**THE PROBLEM:**
After finding the line with "assert (Hg : forall" in the entries below, retype exactly each line from there through the line with "assert (HgT1a : ln (g T1a) <= 0).", including that final line.

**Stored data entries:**
────────────────────────────────────────
Lemma bfactor_dot_phaseB v : T1a <= v -> (forall w, T1a <= w <= v -> 0 < g w) ->
  dg v <= - 12 * L * rho * g v /\ dg v <= - 4 * rho * (n * c 0).
Proof.
  intros Hv Hpos. pose proof k0_bounds. pose proof four_div_n_le_k0.
  destruct (phaseB_regime v Hv Hpos) as (HLb & Hr & Hgap).
  assert (Hc : c 0 <= c v).
  { apply c_nondecreasing; [lra|]. intros w Hw. apply (regime_before_T1 v); [|lra].
    intros u Hu. apply Hpos. lra. }
  pose proof (adot_nonneg v ltac:(lra) ltac:(lra)).
  pose proof (cdot_ge rho v ltac:(lra) ltac:(lra) ltac:(lra) Hgap).
  pose proof (Hpos v ltac:(lra)). destruct (solution_pos v ltac:(lra)) as (_ & _ & Hcv).
  assert (HLg : 0 <= 24 * L * g v) by nra.
  assert (Hb : 24 * L * g v * (rho / 2) <= 24 * L * g v * (L * b v))
    by (apply Rmult_le_compat_l; lra).
  assert (Hb0 : 0 <= 24 * L * g v * (L * b v)) by (apply Rmult_le_pos; nra).
  assert (Hc' : n * (4 * rho * c 0) <= n * dc v)
    by (apply Rmult_le_compat_l; [lra|]; pose proof (proj1 Hrho); nra).
  destruct (solution_pos 0 ltac:(lra)) as (_ & _ & Hc0pos).
  assert (0 <= n * (4 * rho * c 0)) by (apply Rmult_le_pos; nra).
  rewrite bfactor_dot_eq. split; lra.
Qed.

(* bfactor first decays exponentially (rate 12 L rho) for one unit of time, down to 4 rho C(0),
   and then linearly at rate 4 rho C(0) because C keeps growing. *)
Lemma phaseB_duration t : T1a <= t -> (forall u, T1a <= u < t -> 0 < g u) -> t <= T1a + 2.
Proof.
  intros Ht Hpos. apply Rnot_lt_le. intro Hlong.
  assert (Hg : forall v, T1a <= v <= T1a + 2 -> 0 < g v) by (intros v Hv; apply Hpos; lra).
  assert (Hslope : forall v, T1a <= v <= T1a + 2 ->
    dg v <= - 12 * L * rho * g v /\ dg v <= - 4 * rho * (n * c 0)).
  { intros v Hv. apply bfactor_dot_phaseB; [lra|]. intros w Hw. apply Hg. lra. }
  assert (Hexp : ln (g (T1a + 1)) - ln (g T1a) <= - 12 * L * rho * (T1a + 1 - T1a)).
  { apply (ln_growth_le g dg); [lra| |].
    - intros u Hu. split; [apply Hg; lra | apply bfactor_derivable; lra].
    - intros u Hu. apply Hslope. lra. }
  assert (HgT1a : ln (g T1a) <= 0).
  { rewrite <- ln_1. apply ln_le; [apply Hg; lra|].
    destruct (components_le_rr T1a ltac:(lra)) as (_ & HLb & _).
    destruct (solution_pos T1a ltac:(lra)) as (_ & Hb & _). unfold bfactor. nra. }
  assert (Hg1 : g (T1a + 1) <= 4 * rho * (n * c 0)).
  { apply (Rle_trans _ (exp (- 12 * L * rho))); [|apply exp_decay_le].
    rewrite <- (exp_ln (g (T1a + 1))) by (apply Hg; lra). apply exp_le. lra. }
  assert (Hlin : g (T1a + 2) - g (T1a + 1) <= - 4 * rho * (n * c 0) * (T1a + 2 - (T1a + 1))).
  { apply (mvt_le g dg); [lra | intros u Hu; apply bfactor_derivable; lra |].
    intros u Hu. apply Hslope. lra. }
  specialize (Hg (T1a + 2) ltac:(lra)). lra.
Qed.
────────────────────────────────────────
**RESPONSE TO THE EXERCISE:**
  assert (Hg : forall v, T1a <= v <= T1a + 2 -> 0 < g v) by (intros v Hv; apply Hpos; lra).
  assert (Hslope : forall v, T1a <= v <= T1a + 2 ->
    dg v <= - 12 * L * rho * g v /\ dg v <= - 4 * rho * (n * c 0)).
  { intros v Hv. apply bfactor_dot_phaseB; [lra|]. intros w Hw. apply Hg. lra. }
  assert (Hexp : ln (g (T1a + 1)) - ln (g T1a) <= - 12 * L * rho * (T1a + 1 - T1a)).
  { apply (ln_growth_le g dg); [lra| |].
    - intros u Hu. split; [apply Hg; lra | apply bfactor_derivable; lra].
    - intros u Hu. apply Hslope. lra. }
  assert (HgT1a : ln (g T1a) <= 0).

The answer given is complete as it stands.